Creating a narrative of the enemy[edit]

The culture of war is created through the imagery and language used in politics and popular entertainment in order to frame a narrative of the enemy. Islam and Muslims have been constructed as a dangerous other in Western culture. Not only do politicians – especially in the United States, Britain, Australia and New Zealand – inform the public of this enemy, this fictional reality is reinforced through journalism and entertainment in which the war is framed as inevitable and the enemy as evil.[37] This all reinforces the fantasy that this war is about fighting evil in general, and the Western soldiers that are killed are fighting for a greater good. The hyperbolic, dramatic language used in the media casts the Western world as heroes who fight the villains. CTS reflects on who this narrative of the enemy benefits. This perception that reinforces patriotism and justifications for war, profits the Western world and furthers the dominance and oppression that divides the two regions. When the motives and ideology of terrorists are largely unknown – let alone the number and whereabouts – the greater the possibility is to rely on stereotype and myth-based discourse.[41] Because the enemy is foreign (even alien) this possibility is increased due to limited knowledge and physical connection to the region. When reality falls short, the narrative of foreign peoples is shaped by "shortcuts provided by stylized imagery compounded of stories, films and our own imaginations".[41] Politicians use this to back up their dehumanized claims, so the image of the terrorist mimics Osama bin Laden with the beard, turban, black eyes and hollow glum face creating a stereotyped stigma. This enemy is merciless, believes in extreme religious values and will do anything to destroy the West. Such imagery and language degrades common humanity, and prevents us from understanding that the enemy is a human who is victimized.

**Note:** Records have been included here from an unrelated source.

Lemma adjmxD m p (A B : 'M[C]_(m, p)) : adjmx (A + B) = adjmx A + adjmx B.
Proof. by rewrite /adjmx linearD /= map_mxD. Qed.

Lemma adjmxB m p (A B : 'M[C]_(m, p)) : adjmx (A - B) = adjmx A - adjmx B.
Proof. by rewrite /adjmx linearB /= map_mxB. Qed.

Lemma adjmxZ m p (c : C) (A : 'M[C]_(m, p)) :
  adjmx (c *: A) = Num.conj c *: adjmx A.
Proof. by rewrite /adjmx linearZ /= map_mxZ. Qed.

Lemma adjmx1 n : adjmx (1%:M : 'M[C]_n) = 1%:M.
Proof. by rewrite /adjmx trmx1 map_mx1. Qed.

Lemma adjmx0 m p : adjmx (0 : 'M[C]_(m, p)) = 0.
Proof. by rewrite /adjmx trmx0 map_mx0. Qed.

Lemma conj_ge0 (c : C) : 0 <= c -> Num.conj c = c.
Proof. by move=> c0; apply/conj_Creal/ger0_real. Qed.

Lemma conj_realC (x : R) : Num.conj x%:C = x%:C.
Proof. by apply/CrealP; apply/complex_realP; exists x. Qed.

Definition ip n (a b : 'cV[C]_n) : C := (adjmx a *m b) 0 0.
Definition qf n (v : 'cV[C]_n) (M : 'M[C]_n) : C := (adjmx v *m M *m v) 0 0.

Section InnerProduct.
Variable n : nat.
Implicit Types (a b c v : 'cV[C]_n) (M : 'M[C]_n).

Lemma ipBl a b c : ip (a - b) c = ip a c - ip b c.
Proof. by rewrite /ip adjmxB mulmxBl mxE [(- _ : 'M_(_, _)) 0 0]mxE. Qed.

Lemma ipBr a b c : ip a (b - c) = ip a b - ip a c.
Proof. by rewrite /ip mulmxBr mxE [(- _ : 'M_(_, _)) 0 0]mxE. Qed.

Lemma ipZl a b (z : C) : ip (z *: a) b = Num.conj z * ip a b.
Proof. by rewrite /ip adjmxZ -scalemxAl mxE. Qed.

Lemma ipZr a b (z : C) : ip a (z *: b) = z * ip a b.
Proof. by rewrite /ip -scalemxAr mxE. Qed.

Lemma ip0r a : ip a 0 = 0.
Proof. by rewrite /ip mulmx0 mxE. Qed.

Lemma ipM M a b : ip (M *m a) b = ip a (adjmx M *m b).
Proof. by rewrite /ip adjmxM mulmxA. Qed.

Lemma ip_ge0 a : 0 <= ip a a.
Proof.
by rewrite /ip mxE; apply: sumr_ge0 => i _; rewrite !mxE mulrC mul_conjC_ge0.
Qed.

Terrorism and mobilities[edit]

John Urry was a pioneer in discussing the paradigms of mobilities within the age of terror. Per his viewpoint, terrorism operates in a world of contrasting complexities where the power, far from being static, flows. The power is mobile in the same way, its gravity-effects on the world of consumption. Terrorism divides the world in two safe and unsafe zones.[42][43][44] Over past decades, many voices alerted on the negative effects of terrorism over the industry of tourism and mobilities in developed and underdeveloped economies.[45] The emergent theories explained terrorism as an indicator of the lack of democracy, or even extreme poverty which represents a fertile ground for ethnic resentment necessary to rechannel terrorism. Since tourists are ambassadors of first World, not surprisingly they were targets of terrorist cells in zones dotted with lower levels of security.[46][47][48] However, some other scholars questioned this idea considering that tourism recovers its attraction and growth after elapsed little time from the original event;[49] or even producing "traumaescape" which means zones whipped by terrorism that becomes tourist attractions.[50] Some sociological studies focus on the concept of Thana-Tourism or Dark tourism to denote a connection of terrorism and tourist consumption.[51][52][53][54]